Q) The angle of elevation of a cloud from a point h metres above a lake is α and the angle of depression of its reflection in the lake is β, prove that the distance of the cloud from the point of observation is $\frac {2 h \sec \alpha}{(\tan \beta - \tan \alpha)}$ .

Ans:

Step 1: Let’s draw a diagram for the given question:

Here, point of observation is A, cloud is at point B and cloud’s reflection is at point C.

Here, let’s consider the height of AF is h and line AD or Line EF is d, height of cloud from water level is p and CE is also p (reflection).

We need to find length of line AB.

Step 2: Let ‘s start with Δ ADB,

tan ∠ DAB = $\frac{BD}{AD}$

∴ tan α = $\frac{(p - h)}{d}$

∴ p – h = d tan α

∴ p = h + d tan α ……….. (i)

Step 3: Next in Δ ADC,

tan ∠ DAC = $\frac{CD}{AD}$

∴ tan β = $\frac{(p + h)}{d}$

∴ p + h = d tan β

∴ p = d tan β – h ….. (ii)

Step 4: From equations (i) and (ii), we compare values of p:

h + d tan α = d tan β – h

∴ 2 h = d tan β – d tan α

∴ 2 h = d (tan β – tan α)

∴ d = $\frac {2 h}{(\tan \beta - \tan \alpha)}$ ……… (iii)

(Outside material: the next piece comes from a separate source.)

(* Let $\gamma$ be a consistent family of grafts for a tree $\mathcal T$ and $\mathcal H=\mathrm{hybr}(\mathcal T,\gamma)$ (a tree). Then: (a) for each node $x$ of $\mathcal H$: $\mathrm{sons}_{\mathcal H}(x)=\mathrm{sons}_{\mathcal G}(x)$ if $x\in\{0_{\mathcal G}\}\cup\mathrm{impl}\,\mathcal G$ for some $\mathcal G\in\gamma$, and $\mathrm{sons}_{\mathcal H}(x)=\mathrm{sons}_{\mathcal T}(x)$ otherwise (i.e. when $x\in\mathrm{supp}(\mathcal T,\gamma)\setminus\{0_{\mathcal G}:\mathcal G\in\gamma\}$); (b) if $x\parallel_{\mathcal H}y$, then there are $x'\le_{\mathcal H}x$ and $y'\le_{\mathcal H}y$ such that either $x',y'\in\mathrm{supp}(\mathcal T,\gamma)$ and $x'\parallel_{\mathcal T}y'$, or for some $\mathcal G\in\gamma$, $x',y'\in\mathrm{nodes}\,\mathcal G$ and $x'\parallel_{\mathcal G}y'$; (c) if $\mathcal T$ has a least node, then $\mathcal H$ has a least node, $0_{\mathcal H}=0_{\mathcal T}$, and $0_{\mathcal H}\in\mathrm{supp}(\mathcal T,\gamma)$; (d) if $\max\mathcal T=\emptyset$ then $\max\mathcal H=\emptyset$; (e) if $\mathcal T$ and every $\mathcal G\in\gamma$ are $\kappa$-branching, then $\mathcal H$ is $\kappa$-branching; (f) if $\mathrm{height}\,\mathcal T\le\omega$ and $\mathrm{height}\,\mathcal G\le\omega$ for all $\mathcal G\in\gamma$, then $\mathrm{height}\,\mathcal H\le\omega$.
   Context: A tree is a pair $\mathcal T=(Q,<_{\mathcal T})$ with $<_{\mathcal T}$ irreflexive transitive such that each set $\{v:v<_{\mathcal T}x\}$ is well-ordered; $x\parallel_{\mathcal T}y$ means $x,y$ incomparable; $\mathrm{sons}_{\mathcal T}(x)=\{s:x<_{\mathcal T}s$, no $v$ with $x<_{\mathcal T}v<_{\mathcal T}s\}$; $\max\mathcal T$ = maximal nodes; $0_{\mathcal T}$ = least node; $\kappa$-branching: every non-maximal node has exactly $\kappa$ sons; height of a node = order type of its predecessors, height of the tree = least $\beta$ such that no node has height $\beta$; $A{\downarrow}_{\mathcal T}=\{v:\exists a\in A\ a\le_{\mathcal T}v\}$; for an antichain $A$ and $x\in A{\downarrow}_{\mathcal T}$, $\mathrm{root}_{\mathcal T}(x,A)$ is the unique $r\in A$ with $r\le_{\mathcal T}x$. A graft for $\mathcal T$ is a tree $\mathcal G$ with more than one node, with a least node $0_{\mathcal G}\in\mathrm{nodes}\,\mathcal T$, such that $\max\mathcal G\subseteq\{v\in\mathrm{nodes}\,\mathcal T:v>_{\mathcal T}0_{\mathcal G}\}$, $\max\mathcal G$ is an antichain in $\mathcal T$, and $\mathrm{impl}\,\mathcal G:=\mathrm{nodes}\,\mathcal G\setminus(\{0_{\mathcal G}\}\cup\max\mathcal G)$ is disjoint from $\mathrm{nodes}\,\mathcal T$. $\mathrm{expl}(\mathcal T,\mathcal G)=\{v:v>_{\mathcal T}0_{\mathcal G}\}\setminus(\max\mathcal G){\downarrow}_{\mathcal T}$. $\gamma$ is a consistent family of grafts for $\mathcal T$ if its members are grafts for $\mathcal T$ with pairwise disjoint implants and for distinct $\mathcal D,\mathcal E\in\gamma$: $0_{\mathcal D}\parallel_{\mathcal T}0_{\mathcal E}$, or $0_{\mathcal D}\in(\max\mathcal E){\downarrow}_{\mathcal T}$, or $0_{\mathcal E}\in(\max\mathcal D){\downarrow}_{\mathcal T}$. $\mathrm{supp}(\mathcal T,\gamma)=\mathrm{nodes}\,\mathcal T\setminus\bigcup_{\mathcal G\in\gamma}\mathrm{expl}(\mathcal T,\mathcal G)$. $\mathrm{hybr}(\mathcal T,\gamma)=(H,<)$ with $H=\mathrm{supp}(\mathcal T,\gamma)\cup\bigcup_{\mathcal G\in\gamma}\mathrm{impl}\,\mathcal G$ and $x<y$ iff: (b1) $x,y\in\mathrm{supp}$, $x<_{\mathcal T}y$; or (b2) $x,y\in\mathrm{impl}\,\mathcal G$, $x<_{\mathcal G}y$ for some $\mathcal G\in\gamma$; or (b3) $x\in\mathrm{supp}$, $y\in\mathrm{impl}\,\mathcal G$, $x\le_{\mathcal T}0_{\mathcal G}$ for some $\mathcal G$; or (b4) $x\in\mathrm{impl}\,\mathcal G$, $y\in\mathrm{supp}\cap(\max\mathcal G){\downarrow}_{\mathcal T}$, $x<_{\mathcal G}\mathrm{root}_{\mathcal T}(y,\max\mathcal G)$ for some $\mathcal G$; or (b5) $x\in\mathrm{impl}\,\mathcal D$, $y\in\mathrm{impl}\,\mathcal E$, $0_{\mathcal E}\in(\max\mathcal D){\downarrow}_{\mathcal T}$, $x<_{\mathcal D}\mathrm{root}_{\mathcal T}(0_{\mathcal E},\max\mathcal D)$ for some distinct $\mathcal D,\mathcal E\in\gamma$. This $\mathrm{hybr}(\mathcal T,\gamma)$ is a tree. *)

From Stdlib Require Import List.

Step 5: Δ ADB, cos ∠ DAB = $\frac{AD}{AB}$

∴ cos α = $\frac{d}{AB}$

∴ AB = d sec α …… (iv)

Step 6: By substituting value of d from equation (iii), in equation (iv), we get:

AB = d sec α

∴ AB = $\frac {2 h}{(\tan \beta - \tan \alpha)} \times \sec \alpha$

∴ AB = $\frac {2 h \sec \alpha}{(\tan \beta - \tan \alpha)}$

Hence Proved !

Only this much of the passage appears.